[Start of Attachment]

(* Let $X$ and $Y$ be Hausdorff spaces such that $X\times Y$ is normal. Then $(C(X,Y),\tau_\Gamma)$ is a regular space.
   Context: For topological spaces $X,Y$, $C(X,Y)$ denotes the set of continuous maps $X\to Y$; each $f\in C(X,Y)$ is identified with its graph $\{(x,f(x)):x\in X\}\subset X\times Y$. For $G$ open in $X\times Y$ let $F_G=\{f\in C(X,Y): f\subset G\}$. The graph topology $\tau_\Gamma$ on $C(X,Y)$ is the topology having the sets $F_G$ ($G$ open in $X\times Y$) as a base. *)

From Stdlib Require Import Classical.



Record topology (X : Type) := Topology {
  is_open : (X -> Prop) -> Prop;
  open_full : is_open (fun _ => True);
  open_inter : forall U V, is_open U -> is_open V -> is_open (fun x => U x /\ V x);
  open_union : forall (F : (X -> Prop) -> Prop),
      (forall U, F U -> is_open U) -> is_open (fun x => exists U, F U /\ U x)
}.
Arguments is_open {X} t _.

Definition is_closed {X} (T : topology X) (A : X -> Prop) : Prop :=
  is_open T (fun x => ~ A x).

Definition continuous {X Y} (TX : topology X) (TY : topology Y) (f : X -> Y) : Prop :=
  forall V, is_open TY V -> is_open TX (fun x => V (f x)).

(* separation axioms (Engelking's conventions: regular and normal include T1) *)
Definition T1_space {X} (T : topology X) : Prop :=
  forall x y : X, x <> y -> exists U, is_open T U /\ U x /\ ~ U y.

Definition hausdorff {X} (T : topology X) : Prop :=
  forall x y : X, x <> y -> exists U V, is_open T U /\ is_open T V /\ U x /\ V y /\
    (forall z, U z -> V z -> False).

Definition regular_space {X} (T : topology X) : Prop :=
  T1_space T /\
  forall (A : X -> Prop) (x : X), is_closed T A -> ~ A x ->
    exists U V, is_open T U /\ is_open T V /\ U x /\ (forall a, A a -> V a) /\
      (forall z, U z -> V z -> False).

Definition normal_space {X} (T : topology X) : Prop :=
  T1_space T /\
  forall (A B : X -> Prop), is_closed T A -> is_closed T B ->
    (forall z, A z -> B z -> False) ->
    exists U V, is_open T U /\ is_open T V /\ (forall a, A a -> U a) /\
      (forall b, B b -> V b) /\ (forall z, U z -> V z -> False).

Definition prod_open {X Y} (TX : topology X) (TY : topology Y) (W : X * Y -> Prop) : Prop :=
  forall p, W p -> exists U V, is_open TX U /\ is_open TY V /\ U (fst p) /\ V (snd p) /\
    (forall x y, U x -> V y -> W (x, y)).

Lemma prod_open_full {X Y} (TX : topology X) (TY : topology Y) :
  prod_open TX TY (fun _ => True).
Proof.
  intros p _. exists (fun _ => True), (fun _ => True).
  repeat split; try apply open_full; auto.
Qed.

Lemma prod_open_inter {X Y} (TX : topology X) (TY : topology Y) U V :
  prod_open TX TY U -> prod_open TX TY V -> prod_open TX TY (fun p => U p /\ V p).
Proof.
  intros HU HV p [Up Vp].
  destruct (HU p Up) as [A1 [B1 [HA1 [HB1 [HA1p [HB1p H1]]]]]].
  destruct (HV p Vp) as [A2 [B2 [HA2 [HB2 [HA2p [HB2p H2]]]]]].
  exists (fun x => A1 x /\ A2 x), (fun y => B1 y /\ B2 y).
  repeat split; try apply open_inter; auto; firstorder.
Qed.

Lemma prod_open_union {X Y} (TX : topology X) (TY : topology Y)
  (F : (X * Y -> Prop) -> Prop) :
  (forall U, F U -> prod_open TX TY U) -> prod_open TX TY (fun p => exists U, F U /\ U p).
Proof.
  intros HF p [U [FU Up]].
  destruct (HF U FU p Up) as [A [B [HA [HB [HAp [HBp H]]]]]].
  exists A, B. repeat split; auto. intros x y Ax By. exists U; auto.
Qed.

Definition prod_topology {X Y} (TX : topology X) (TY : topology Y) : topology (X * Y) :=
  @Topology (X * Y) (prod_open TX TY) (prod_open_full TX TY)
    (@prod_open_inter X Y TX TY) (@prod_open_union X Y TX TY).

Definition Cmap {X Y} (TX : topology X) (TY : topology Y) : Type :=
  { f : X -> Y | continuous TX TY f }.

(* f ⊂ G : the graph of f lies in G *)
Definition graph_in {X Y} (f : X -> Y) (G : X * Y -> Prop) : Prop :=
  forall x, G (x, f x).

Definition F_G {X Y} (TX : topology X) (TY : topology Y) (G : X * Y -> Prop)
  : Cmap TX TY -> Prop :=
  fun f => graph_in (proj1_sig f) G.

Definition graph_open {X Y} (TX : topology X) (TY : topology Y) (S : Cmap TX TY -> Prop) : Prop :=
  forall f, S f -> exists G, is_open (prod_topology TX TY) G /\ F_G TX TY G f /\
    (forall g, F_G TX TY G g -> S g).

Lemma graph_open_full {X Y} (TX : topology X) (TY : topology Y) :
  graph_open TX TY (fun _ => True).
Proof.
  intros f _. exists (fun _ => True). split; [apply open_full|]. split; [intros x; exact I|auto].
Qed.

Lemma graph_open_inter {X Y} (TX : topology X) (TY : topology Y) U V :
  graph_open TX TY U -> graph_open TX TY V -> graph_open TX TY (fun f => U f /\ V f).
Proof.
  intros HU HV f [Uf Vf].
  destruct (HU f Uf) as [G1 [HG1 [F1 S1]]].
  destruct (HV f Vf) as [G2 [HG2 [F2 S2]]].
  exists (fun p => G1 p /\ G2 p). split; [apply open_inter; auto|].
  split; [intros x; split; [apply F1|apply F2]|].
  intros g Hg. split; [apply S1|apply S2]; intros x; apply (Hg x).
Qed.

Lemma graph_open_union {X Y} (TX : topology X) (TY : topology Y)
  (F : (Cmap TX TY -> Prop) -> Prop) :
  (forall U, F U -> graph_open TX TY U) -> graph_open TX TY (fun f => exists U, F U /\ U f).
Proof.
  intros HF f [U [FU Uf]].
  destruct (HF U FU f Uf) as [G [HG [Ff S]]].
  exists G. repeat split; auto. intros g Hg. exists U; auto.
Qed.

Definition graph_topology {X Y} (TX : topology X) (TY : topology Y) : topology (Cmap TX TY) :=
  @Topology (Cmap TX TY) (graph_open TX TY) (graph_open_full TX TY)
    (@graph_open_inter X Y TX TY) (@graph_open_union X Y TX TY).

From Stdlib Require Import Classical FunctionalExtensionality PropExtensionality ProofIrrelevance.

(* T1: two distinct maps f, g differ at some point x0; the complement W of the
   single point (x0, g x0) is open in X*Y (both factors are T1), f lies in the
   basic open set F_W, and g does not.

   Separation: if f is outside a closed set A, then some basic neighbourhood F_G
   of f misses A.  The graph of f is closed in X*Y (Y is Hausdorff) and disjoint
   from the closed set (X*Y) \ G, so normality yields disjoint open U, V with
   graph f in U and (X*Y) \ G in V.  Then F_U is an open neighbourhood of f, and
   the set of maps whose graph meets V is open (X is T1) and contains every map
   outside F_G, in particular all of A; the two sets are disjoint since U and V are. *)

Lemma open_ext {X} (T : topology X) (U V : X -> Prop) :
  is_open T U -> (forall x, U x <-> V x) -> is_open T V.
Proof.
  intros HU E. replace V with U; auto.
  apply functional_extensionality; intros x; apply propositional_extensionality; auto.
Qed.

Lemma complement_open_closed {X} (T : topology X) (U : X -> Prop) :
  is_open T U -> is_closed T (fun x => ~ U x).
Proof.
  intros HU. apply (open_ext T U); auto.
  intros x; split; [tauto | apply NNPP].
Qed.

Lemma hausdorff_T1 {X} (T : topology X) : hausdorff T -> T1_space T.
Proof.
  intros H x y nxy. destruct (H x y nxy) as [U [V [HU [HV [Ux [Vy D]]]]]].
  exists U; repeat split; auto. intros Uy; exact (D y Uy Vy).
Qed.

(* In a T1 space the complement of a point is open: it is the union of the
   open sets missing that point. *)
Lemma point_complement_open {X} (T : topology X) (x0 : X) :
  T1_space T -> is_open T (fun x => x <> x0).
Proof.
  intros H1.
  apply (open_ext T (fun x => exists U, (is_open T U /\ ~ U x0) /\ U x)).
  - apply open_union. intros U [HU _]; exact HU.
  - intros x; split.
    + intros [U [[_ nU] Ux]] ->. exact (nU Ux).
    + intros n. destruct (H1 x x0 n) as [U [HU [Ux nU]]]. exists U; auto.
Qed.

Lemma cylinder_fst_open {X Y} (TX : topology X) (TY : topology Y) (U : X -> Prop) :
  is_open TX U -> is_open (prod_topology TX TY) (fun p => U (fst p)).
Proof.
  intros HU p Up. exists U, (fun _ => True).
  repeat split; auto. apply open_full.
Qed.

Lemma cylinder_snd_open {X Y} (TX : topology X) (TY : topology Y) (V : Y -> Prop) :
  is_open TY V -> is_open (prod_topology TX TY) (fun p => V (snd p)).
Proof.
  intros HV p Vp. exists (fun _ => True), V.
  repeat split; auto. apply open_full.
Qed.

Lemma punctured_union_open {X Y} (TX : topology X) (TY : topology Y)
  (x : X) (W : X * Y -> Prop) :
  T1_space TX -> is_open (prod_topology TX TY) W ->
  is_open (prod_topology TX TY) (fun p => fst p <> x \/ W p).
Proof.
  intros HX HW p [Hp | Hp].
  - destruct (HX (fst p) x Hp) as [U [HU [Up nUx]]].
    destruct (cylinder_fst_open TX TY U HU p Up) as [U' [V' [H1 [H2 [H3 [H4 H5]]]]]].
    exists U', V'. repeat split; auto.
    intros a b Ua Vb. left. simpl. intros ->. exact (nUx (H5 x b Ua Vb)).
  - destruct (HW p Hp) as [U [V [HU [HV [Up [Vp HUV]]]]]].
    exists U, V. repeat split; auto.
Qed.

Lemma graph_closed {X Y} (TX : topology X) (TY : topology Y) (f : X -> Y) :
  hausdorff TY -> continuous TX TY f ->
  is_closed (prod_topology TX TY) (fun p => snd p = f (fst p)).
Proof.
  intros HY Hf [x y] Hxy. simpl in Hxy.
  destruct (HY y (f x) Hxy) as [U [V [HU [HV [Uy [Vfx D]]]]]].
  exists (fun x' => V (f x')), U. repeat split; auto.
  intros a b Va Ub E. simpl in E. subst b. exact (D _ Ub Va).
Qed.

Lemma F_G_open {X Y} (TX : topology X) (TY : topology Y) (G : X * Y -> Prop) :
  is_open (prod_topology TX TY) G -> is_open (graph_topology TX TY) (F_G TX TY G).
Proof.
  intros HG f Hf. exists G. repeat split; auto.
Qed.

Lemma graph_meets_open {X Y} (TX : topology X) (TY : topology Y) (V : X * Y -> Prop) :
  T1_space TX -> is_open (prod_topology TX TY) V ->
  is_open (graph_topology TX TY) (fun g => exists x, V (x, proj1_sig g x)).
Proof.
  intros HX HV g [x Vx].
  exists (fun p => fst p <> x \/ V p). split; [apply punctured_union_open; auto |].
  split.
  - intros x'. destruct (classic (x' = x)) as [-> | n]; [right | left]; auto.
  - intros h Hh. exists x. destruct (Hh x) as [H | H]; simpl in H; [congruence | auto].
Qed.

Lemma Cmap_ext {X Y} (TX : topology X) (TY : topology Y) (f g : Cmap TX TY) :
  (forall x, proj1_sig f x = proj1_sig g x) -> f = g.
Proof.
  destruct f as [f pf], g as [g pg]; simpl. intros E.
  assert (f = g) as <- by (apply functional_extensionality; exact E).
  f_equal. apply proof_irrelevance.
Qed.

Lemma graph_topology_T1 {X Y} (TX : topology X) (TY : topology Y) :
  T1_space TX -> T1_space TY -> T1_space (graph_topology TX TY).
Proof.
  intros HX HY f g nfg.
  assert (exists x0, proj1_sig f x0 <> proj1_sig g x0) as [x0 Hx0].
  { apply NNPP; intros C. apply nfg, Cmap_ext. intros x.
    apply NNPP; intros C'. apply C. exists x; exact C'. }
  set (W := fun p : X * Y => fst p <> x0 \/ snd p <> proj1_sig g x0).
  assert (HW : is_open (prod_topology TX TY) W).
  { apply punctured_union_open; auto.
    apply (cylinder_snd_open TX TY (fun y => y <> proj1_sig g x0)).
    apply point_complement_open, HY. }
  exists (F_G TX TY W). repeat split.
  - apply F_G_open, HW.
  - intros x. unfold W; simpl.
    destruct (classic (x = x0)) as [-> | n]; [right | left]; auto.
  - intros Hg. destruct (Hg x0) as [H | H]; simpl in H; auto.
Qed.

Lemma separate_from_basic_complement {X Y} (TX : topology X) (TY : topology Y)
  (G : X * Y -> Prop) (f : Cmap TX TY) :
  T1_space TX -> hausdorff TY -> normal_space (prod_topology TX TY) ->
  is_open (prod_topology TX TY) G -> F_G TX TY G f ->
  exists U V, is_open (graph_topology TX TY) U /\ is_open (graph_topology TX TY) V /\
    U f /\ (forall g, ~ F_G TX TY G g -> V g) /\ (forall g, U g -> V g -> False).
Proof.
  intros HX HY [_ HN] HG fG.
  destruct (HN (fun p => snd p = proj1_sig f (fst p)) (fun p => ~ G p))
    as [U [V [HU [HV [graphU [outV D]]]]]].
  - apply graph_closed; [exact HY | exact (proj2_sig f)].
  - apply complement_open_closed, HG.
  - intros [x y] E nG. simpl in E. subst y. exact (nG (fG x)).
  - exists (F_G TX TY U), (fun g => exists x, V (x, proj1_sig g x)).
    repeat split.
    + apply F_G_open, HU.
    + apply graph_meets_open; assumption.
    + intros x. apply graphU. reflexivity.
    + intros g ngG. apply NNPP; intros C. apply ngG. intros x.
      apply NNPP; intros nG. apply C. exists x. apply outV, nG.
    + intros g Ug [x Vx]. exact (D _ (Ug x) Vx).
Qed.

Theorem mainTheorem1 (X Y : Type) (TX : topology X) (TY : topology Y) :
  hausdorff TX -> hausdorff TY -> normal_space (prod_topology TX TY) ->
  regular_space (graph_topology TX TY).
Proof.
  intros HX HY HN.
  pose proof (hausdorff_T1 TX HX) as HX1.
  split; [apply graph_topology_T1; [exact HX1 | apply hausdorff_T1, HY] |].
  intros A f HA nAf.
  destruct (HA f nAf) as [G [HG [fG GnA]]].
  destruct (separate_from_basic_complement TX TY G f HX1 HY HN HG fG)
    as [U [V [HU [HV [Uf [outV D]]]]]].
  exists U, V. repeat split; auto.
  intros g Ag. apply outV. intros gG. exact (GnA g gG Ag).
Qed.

[End of Attachment]
[Start of Attachment]

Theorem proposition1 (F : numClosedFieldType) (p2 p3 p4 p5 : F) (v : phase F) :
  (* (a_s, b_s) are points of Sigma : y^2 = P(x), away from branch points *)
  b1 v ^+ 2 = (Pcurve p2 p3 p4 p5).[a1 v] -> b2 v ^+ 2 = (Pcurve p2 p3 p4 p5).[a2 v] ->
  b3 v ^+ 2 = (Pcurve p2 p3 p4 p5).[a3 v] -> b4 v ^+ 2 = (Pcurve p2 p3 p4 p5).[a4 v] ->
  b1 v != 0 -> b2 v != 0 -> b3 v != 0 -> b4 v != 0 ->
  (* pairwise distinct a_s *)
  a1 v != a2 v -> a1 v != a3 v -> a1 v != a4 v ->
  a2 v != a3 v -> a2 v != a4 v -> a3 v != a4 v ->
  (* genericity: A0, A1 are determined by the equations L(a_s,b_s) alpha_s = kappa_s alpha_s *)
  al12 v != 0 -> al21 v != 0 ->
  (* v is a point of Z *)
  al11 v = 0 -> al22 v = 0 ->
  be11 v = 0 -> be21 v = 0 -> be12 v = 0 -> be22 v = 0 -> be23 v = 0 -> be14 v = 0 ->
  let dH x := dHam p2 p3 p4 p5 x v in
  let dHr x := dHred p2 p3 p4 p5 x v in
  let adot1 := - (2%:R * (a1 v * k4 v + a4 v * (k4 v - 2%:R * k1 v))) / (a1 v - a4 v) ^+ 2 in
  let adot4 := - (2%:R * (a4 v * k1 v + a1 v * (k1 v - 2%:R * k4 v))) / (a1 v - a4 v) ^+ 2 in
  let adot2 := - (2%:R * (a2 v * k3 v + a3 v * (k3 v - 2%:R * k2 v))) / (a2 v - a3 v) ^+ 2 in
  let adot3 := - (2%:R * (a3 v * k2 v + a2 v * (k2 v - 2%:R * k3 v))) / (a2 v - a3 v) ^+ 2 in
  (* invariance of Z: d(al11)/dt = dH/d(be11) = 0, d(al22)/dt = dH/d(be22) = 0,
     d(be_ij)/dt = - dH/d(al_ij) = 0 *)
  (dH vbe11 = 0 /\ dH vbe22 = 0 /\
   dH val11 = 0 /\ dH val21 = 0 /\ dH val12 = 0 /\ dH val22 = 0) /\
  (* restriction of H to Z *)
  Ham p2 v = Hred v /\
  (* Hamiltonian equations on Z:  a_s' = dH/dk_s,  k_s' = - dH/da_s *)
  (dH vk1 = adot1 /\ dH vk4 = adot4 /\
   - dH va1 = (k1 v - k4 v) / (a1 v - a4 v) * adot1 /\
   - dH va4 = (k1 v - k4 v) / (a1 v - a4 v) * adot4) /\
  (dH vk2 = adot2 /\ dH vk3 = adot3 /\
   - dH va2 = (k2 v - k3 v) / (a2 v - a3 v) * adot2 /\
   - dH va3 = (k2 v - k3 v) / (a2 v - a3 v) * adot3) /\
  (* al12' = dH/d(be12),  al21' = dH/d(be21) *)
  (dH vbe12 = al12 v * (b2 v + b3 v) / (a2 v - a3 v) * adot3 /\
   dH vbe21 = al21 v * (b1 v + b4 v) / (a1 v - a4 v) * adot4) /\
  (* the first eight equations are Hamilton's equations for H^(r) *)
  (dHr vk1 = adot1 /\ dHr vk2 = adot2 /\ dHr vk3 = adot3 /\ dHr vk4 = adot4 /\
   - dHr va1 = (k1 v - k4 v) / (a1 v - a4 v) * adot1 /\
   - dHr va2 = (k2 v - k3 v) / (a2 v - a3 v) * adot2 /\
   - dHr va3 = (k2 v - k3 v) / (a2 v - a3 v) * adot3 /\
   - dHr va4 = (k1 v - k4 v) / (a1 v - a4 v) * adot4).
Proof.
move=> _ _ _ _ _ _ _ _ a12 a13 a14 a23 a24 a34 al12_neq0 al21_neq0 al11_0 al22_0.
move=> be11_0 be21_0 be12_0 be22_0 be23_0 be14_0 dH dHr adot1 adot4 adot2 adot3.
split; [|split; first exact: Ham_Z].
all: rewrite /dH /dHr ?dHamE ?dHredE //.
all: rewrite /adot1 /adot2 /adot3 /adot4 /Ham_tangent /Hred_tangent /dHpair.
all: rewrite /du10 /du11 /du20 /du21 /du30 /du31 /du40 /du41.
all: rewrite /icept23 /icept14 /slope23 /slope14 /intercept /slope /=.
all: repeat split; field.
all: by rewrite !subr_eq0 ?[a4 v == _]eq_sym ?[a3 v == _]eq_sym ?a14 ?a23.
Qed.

[End of Attachment]
[Start of Attachment]

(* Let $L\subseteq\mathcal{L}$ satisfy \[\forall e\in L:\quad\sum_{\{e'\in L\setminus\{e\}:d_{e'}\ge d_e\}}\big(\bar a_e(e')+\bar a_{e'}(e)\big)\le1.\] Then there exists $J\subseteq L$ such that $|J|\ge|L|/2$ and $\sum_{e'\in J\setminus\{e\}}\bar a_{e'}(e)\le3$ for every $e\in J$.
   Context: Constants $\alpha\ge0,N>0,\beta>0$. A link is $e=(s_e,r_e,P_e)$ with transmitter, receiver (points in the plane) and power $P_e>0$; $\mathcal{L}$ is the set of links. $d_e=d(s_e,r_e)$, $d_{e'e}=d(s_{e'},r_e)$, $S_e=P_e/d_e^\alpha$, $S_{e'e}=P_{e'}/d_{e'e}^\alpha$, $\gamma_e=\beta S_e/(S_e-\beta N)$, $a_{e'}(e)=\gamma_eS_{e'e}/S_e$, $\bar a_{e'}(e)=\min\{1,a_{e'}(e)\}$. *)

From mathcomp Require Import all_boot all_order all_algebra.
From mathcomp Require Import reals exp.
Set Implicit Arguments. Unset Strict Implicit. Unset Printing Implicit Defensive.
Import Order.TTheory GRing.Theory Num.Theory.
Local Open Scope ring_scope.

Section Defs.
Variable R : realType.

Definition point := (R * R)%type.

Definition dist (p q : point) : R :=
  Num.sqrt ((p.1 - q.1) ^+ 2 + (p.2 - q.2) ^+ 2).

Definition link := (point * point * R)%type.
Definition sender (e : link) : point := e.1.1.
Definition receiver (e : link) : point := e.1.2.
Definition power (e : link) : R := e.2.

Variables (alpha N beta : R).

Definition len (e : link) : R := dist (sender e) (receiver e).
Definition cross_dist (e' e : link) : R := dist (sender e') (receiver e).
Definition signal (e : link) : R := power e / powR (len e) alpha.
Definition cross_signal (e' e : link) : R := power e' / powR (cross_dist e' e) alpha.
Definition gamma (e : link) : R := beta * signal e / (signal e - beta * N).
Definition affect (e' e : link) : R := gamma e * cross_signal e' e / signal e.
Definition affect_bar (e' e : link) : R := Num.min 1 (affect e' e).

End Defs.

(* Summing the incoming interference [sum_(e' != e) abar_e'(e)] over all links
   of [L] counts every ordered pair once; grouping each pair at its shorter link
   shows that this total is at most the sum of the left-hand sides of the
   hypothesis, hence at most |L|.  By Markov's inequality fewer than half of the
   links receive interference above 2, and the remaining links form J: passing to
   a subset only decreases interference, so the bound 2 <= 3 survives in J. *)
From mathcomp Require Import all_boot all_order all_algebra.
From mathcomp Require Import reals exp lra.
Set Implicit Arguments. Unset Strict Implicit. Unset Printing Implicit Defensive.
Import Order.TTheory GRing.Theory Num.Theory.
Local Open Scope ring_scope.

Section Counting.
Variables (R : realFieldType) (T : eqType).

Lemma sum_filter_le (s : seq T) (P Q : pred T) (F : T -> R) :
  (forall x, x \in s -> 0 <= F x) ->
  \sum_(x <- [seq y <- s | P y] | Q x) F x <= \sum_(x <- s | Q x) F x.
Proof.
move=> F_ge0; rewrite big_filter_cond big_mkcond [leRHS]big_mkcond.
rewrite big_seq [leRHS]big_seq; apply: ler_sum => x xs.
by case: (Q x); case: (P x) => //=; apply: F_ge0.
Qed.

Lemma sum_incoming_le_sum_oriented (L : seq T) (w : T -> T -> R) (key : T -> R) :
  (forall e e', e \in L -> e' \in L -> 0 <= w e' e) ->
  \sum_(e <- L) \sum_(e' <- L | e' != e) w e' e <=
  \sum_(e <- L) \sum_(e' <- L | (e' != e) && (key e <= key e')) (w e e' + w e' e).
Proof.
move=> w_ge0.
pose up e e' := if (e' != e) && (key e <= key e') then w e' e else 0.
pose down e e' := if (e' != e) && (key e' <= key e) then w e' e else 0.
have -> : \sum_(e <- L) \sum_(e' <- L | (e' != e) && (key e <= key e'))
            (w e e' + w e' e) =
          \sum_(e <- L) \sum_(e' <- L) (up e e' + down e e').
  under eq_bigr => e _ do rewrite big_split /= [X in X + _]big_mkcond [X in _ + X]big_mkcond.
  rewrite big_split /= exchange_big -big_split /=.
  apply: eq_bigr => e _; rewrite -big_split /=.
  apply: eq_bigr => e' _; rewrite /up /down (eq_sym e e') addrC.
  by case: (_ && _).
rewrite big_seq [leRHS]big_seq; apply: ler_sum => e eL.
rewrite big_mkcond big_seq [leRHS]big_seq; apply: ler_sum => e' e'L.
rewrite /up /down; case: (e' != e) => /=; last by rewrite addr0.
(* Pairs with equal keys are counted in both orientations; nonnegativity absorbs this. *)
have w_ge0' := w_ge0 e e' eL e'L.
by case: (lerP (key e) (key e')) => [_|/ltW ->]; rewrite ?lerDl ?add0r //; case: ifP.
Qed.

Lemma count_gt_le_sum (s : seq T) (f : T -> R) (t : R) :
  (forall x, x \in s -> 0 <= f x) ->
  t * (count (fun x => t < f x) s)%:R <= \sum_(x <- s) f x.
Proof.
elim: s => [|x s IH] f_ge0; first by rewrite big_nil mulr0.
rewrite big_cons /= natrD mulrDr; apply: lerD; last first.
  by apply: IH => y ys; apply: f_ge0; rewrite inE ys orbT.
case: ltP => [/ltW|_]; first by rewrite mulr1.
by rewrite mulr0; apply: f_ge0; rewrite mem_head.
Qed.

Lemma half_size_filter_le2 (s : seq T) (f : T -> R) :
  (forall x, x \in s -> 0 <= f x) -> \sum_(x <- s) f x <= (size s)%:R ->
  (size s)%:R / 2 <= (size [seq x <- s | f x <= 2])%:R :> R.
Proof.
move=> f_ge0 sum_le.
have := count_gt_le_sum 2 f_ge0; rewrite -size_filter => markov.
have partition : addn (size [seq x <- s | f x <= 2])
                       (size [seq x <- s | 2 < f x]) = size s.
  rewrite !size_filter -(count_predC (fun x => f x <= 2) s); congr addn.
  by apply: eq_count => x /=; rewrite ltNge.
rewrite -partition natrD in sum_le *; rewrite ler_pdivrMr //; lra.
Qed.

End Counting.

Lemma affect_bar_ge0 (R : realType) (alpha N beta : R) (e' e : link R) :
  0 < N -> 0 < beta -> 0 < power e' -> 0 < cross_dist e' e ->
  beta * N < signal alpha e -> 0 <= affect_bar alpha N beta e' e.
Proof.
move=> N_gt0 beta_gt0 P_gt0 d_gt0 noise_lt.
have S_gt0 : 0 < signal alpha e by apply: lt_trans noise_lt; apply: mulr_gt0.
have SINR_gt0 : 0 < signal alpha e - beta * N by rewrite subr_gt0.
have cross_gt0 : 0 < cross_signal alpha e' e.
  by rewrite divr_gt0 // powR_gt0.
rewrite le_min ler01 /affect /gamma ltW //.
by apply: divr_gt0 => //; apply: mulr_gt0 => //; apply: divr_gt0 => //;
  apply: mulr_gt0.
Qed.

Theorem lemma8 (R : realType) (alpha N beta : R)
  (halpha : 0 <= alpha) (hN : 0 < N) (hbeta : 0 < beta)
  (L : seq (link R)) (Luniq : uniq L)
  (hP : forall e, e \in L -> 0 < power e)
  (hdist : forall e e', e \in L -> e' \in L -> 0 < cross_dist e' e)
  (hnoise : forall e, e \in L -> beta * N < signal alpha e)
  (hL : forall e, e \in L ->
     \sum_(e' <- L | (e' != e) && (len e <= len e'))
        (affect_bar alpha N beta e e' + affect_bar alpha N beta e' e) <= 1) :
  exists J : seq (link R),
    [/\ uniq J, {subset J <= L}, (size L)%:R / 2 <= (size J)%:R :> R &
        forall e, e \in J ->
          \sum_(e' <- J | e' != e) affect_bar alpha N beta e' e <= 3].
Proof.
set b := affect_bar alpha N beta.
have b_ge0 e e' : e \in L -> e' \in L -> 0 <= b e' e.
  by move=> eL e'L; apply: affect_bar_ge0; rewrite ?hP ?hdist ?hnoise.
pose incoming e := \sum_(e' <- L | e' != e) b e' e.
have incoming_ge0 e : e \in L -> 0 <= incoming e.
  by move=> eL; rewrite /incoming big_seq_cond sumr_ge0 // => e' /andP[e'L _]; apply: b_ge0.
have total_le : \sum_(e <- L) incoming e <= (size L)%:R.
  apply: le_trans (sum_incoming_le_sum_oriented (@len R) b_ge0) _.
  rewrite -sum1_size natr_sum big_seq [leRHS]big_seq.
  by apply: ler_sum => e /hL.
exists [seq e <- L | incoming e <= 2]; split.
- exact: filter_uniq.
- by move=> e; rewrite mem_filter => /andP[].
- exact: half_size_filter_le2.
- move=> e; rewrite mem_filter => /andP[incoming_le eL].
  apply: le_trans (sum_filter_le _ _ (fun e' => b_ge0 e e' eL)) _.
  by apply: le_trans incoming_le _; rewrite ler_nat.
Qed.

[End of Attachment]

Goal of the exercise
Your answer must be the lines above from the one containing "T1_space TX -> T1_space" to the one containing "hausdorff TX ->", both included, restated word for word.

Solution below
  T1_space TX -> T1_space TY -> T1_space (graph_topology TX TY).
Proof.
  intros HX HY f g nfg.
  assert (exists x0, proj1_sig f x0 <> proj1_sig g x0) as [x0 Hx0].
  { apply NNPP; intros C. apply nfg, Cmap_ext. intros x.
    apply NNPP; intros C'. apply C. exists x; exact C'. }
  set (W := fun p : X * Y => fst p <> x0 \/ snd p <> proj1_sig g x0).
  assert (HW : is_open (prod_topology TX TY) W).
  { apply punctured_union_open; auto.
    apply (cylinder_snd_open TX TY (fun y => y <> proj1_sig g x0)).
    apply point_complement_open, HY. }
  exists (F_G TX TY W). repeat split.
  - apply F_G_open, HW.
  - intros x. unfold W; simpl.
    destruct (classic (x = x0)) as [-> | n]; [right | left]; auto.
  - intros Hg. destruct (Hg x0) as [H | H]; simpl in H; auto.
Qed.

Lemma separate_from_basic_complement {X Y} (TX : topology X) (TY : topology Y)
  (G : X * Y -> Prop) (f : Cmap TX TY) :
  T1_space TX -> hausdorff TY -> normal_space (prod_topology TX TY) ->
  is_open (prod_topology TX TY) G -> F_G TX TY G f ->
  exists U V, is_open (graph_topology TX TY) U /\ is_open (graph_topology TX TY) V /\
    U f /\ (forall g, ~ F_G TX TY G g -> V g) /\ (forall g, U g -> V g -> False).
Proof.
  intros HX HY [_ HN] HG fG.
  destruct (HN (fun p => snd p = proj1_sig f (fst p)) (fun p => ~ G p))
    as [U [V [HU [HV [graphU [outV D]]]]]].
  - apply graph_closed; [exact HY | exact (proj2_sig f)].
  - apply complement_open_closed, HG.
  - intros [x y] E nG. simpl in E. subst y. exact (nG (fG x)).
  - exists (F_G TX TY U), (fun g => exists x, V (x, proj1_sig g x)).
    repeat split.
    + apply F_G_open, HU.
    + apply graph_meets_open; assumption.
    + intros x. apply graphU. reflexivity.
    + intros g ngG. apply NNPP; intros C. apply ngG. intros x.
      apply NNPP; intros nG. apply C. exists x. apply outV, nG.
    + intros g Ug [x Vx]. exact (D _ (Ug x) Vx).
Qed.

Theorem mainTheorem1 (X Y : Type) (TX : topology X) (TY : topology Y) :
  hausdorff TX -> hausdorff TY -> normal_space (prod_topology TX TY) ->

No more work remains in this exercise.